**EXERCISE BRIEF**
Write out each entry, exactly the way it appears.
* * * * * * * * *
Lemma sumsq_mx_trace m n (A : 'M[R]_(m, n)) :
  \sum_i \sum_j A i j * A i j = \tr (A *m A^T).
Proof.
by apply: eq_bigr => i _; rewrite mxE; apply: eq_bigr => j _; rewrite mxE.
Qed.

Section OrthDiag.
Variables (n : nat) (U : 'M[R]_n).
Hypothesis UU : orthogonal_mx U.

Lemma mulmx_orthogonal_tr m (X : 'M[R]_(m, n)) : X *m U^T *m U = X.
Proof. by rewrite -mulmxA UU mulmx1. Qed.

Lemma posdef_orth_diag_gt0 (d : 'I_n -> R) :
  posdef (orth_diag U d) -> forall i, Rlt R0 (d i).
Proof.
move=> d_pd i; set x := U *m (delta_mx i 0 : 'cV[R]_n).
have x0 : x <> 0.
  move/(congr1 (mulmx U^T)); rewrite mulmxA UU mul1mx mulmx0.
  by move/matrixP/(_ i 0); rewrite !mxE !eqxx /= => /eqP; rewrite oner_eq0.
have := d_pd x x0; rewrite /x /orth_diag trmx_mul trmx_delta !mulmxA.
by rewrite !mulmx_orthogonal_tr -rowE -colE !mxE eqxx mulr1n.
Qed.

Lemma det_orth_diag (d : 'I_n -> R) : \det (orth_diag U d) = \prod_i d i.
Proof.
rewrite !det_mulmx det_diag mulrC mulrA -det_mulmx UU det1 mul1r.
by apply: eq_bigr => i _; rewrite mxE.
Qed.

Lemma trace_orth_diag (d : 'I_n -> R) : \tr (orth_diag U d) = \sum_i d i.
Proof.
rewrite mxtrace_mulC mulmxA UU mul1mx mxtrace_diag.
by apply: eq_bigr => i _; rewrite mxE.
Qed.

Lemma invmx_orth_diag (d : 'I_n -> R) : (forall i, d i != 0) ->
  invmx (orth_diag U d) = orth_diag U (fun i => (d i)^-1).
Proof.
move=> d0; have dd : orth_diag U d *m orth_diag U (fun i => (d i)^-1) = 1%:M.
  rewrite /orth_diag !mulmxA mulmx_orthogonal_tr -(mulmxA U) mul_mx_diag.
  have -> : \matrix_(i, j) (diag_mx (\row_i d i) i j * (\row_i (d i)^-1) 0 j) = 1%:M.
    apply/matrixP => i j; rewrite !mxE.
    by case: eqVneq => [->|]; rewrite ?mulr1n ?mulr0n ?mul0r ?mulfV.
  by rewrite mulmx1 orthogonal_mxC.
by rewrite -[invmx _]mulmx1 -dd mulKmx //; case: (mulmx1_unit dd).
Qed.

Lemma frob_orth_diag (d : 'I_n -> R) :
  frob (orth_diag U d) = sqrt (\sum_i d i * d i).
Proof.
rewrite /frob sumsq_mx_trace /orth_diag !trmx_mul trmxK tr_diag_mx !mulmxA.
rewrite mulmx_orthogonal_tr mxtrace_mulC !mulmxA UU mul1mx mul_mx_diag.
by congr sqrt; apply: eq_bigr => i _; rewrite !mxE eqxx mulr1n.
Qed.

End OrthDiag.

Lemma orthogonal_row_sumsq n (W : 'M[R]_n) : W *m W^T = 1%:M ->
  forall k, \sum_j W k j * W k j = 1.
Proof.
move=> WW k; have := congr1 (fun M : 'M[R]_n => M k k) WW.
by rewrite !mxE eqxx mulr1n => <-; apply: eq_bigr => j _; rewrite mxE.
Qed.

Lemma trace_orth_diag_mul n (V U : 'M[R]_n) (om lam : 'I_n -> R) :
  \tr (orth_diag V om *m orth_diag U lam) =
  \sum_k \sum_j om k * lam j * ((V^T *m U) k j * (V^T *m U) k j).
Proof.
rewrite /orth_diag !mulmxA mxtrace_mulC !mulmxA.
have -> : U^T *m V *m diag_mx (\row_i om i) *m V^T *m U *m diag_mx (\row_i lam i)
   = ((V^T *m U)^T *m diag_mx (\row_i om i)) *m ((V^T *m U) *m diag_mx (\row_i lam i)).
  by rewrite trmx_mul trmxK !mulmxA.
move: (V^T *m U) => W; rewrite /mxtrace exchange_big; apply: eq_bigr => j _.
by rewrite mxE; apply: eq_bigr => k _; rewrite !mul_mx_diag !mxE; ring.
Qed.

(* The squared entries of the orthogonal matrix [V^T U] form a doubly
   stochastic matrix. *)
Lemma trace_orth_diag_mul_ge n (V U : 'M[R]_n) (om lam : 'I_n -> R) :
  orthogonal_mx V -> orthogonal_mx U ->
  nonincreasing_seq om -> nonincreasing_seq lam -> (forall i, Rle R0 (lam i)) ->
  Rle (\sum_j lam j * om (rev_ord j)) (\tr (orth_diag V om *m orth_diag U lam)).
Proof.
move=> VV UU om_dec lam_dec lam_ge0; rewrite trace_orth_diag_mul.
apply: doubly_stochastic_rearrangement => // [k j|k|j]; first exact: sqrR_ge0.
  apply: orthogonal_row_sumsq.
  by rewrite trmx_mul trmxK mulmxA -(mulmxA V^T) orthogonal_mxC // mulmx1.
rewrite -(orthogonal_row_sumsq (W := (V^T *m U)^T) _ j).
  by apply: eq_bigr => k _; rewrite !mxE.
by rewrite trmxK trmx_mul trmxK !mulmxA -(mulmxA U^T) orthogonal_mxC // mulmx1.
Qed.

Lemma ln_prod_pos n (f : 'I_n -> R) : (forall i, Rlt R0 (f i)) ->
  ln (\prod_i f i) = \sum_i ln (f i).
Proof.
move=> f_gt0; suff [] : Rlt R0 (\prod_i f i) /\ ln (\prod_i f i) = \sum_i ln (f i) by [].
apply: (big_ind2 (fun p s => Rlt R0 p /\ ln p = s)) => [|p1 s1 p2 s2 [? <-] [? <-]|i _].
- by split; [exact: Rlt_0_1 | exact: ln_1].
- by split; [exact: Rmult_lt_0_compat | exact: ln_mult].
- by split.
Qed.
* * * * * * * * *
**EXPECTED ANSWER**
Lemma sumsq_mx_trace m n (A : 'M[R]_(m, n)) :
  \sum_i \sum_j A i j * A i j = \tr (A *m A^T).
Proof.
by apply: eq_bigr => i _; rewrite mxE; apply: eq_bigr => j _; rewrite mxE.
Qed.

Section OrthDiag.
Variables (n : nat) (U : 'M[R]_n).
Hypothesis UU : orthogonal_mx U.

Lemma mulmx_orthogonal_tr m (X : 'M[R]_(m, n)) : X *m U^T *m U = X.
Proof. by rewrite -mulmxA UU mulmx1. Qed.

Lemma posdef_orth_diag_gt0 (d : 'I_n -> R) :
  posdef (orth_diag U d) -> forall i, Rlt R0 (d i).
Proof.
move=> d_pd i; set x := U *m (delta_mx i 0 : 'cV[R]_n).
have x0 : x <> 0.
  move/(congr1 (mulmx U^T)); rewrite mulmxA UU mul1mx mulmx0.
  by move/matrixP/(_ i 0); rewrite !mxE !eqxx /= => /eqP; rewrite oner_eq0.
have := d_pd x x0; rewrite /x /orth_diag trmx_mul trmx_delta !mulmxA.
by rewrite !mulmx_orthogonal_tr -rowE -colE !mxE eqxx mulr1n.
Qed.

Lemma det_orth_diag (d : 'I_n -> R) : \det (orth_diag U d) = \prod_i d i.
Proof.
rewrite !det_mulmx det_diag mulrC mulrA -det_mulmx UU det1 mul1r.
by apply: eq_bigr => i _; rewrite mxE.
Qed.

Lemma trace_orth_diag (d : 'I_n -> R) : \tr (orth_diag U d) = \sum_i d i.
Proof.
rewrite mxtrace_mulC mulmxA UU mul1mx mxtrace_diag.
by apply: eq_bigr => i _; rewrite mxE.
Qed.

Lemma invmx_orth_diag (d : 'I_n -> R) : (forall i, d i != 0) ->
  invmx (orth_diag U d) = orth_diag U (fun i => (d i)^-1).
Proof.
move=> d0; have dd : orth_diag U d *m orth_diag U (fun i => (d i)^-1) = 1%:M.
  rewrite /orth_diag !mulmxA mulmx_orthogonal_tr -(mulmxA U) mul_mx_diag.
  have -> : \matrix_(i, j) (diag_mx (\row_i d i) i j * (\row_i (d i)^-1) 0 j) = 1%:M.
    apply/matrixP => i j; rewrite !mxE.
    by case: eqVneq => [->|]; rewrite ?mulr1n ?mulr0n ?mul0r ?mulfV.
  by rewrite mulmx1 orthogonal_mxC.
by rewrite -[invmx _]mulmx1 -dd mulKmx //; case: (mulmx1_unit dd).
Qed.

Lemma frob_orth_diag (d : 'I_n -> R) :
  frob (orth_diag U d) = sqrt (\sum_i d i * d i).
Proof.
rewrite /frob sumsq_mx_trace /orth_diag !trmx_mul trmxK tr_diag_mx !mulmxA.
rewrite mulmx_orthogonal_tr mxtrace_mulC !mulmxA UU mul1mx mul_mx_diag.
by congr sqrt; apply: eq_bigr => i _; rewrite !mxE eqxx mulr1n.
Qed.

End OrthDiag.

Lemma orthogonal_row_sumsq n (W : 'M[R]_n) : W *m W^T = 1%:M ->
  forall k, \sum_j W k j * W k j = 1.
Proof.
move=> WW k; have := congr1 (fun M : 'M[R]_n => M k k) WW.
by rewrite !mxE eqxx mulr1n => <-; apply: eq_bigr => j _; rewrite mxE.
Qed.

Lemma trace_orth_diag_mul n (V U : 'M[R]_n) (om lam : 'I_n -> R) :
  \tr (orth_diag V om *m orth_diag U lam) =
  \sum_k \sum_j om k * lam j * ((V^T *m U) k j * (V^T *m U) k j).
Proof.
rewrite /orth_diag !mulmxA mxtrace_mulC !mulmxA.
have -> : U^T *m V *m diag_mx (\row_i om i) *m V^T *m U *m diag_mx (\row_i lam i)
   = ((V^T *m U)^T *m diag_mx (\row_i om i)) *m ((V^T *m U) *m diag_mx (\row_i lam i)).
  by rewrite trmx_mul trmxK !mulmxA.
move: (V^T *m U) => W; rewrite /mxtrace exchange_big; apply: eq_bigr => j _.
by rewrite mxE; apply: eq_bigr => k _; rewrite !mul_mx_diag !mxE; ring.
Qed.

(* The squared entries of the orthogonal matrix [V^T U] form a doubly
   stochastic matrix. *)
Lemma trace_orth_diag_mul_ge n (V U : 'M[R]_n) (om lam : 'I_n -> R) :
  orthogonal_mx V -> orthogonal_mx U ->
  nonincreasing_seq om -> nonincreasing_seq lam -> (forall i, Rle R0 (lam i)) ->
  Rle (\sum_j lam j * om (rev_ord j)) (\tr (orth_diag V om *m orth_diag U lam)).
Proof.
move=> VV UU om_dec lam_dec lam_ge0; rewrite trace_orth_diag_mul.
apply: doubly_stochastic_rearrangement => // [k j|k|j]; first exact: sqrR_ge0.
  apply: orthogonal_row_sumsq.
  by rewrite trmx_mul trmxK mulmxA -(mulmxA V^T) orthogonal_mxC // mulmx1.
rewrite -(orthogonal_row_sumsq (W := (V^T *m U)^T) _ j).
  by apply: eq_bigr => k _; rewrite !mxE.
by rewrite trmxK trmx_mul trmxK !mulmxA -(mulmxA U^T) orthogonal_mxC // mulmx1.
Qed.

Lemma ln_prod_pos n (f : 'I_n -> R) : (forall i, Rlt R0 (f i)) ->
  ln (\prod_i f i) = \sum_i ln (f i).
Proof.
move=> f_gt0; suff [] : Rlt R0 (\prod_i f i) /\ ln (\prod_i f i) = \sum_i ln (f i) by [].
apply: (big_ind2 (fun p s => Rlt R0 p /\ ln p = s)) => [|p1 s1 p2 s2 [? <-] [? <-]|i _].
- by split; [exact: Rlt_0_1 | exact: ln_1].
- by split; [exact: Rmult_lt_0_compat | exact: ln_mult].
- by split.
Qed.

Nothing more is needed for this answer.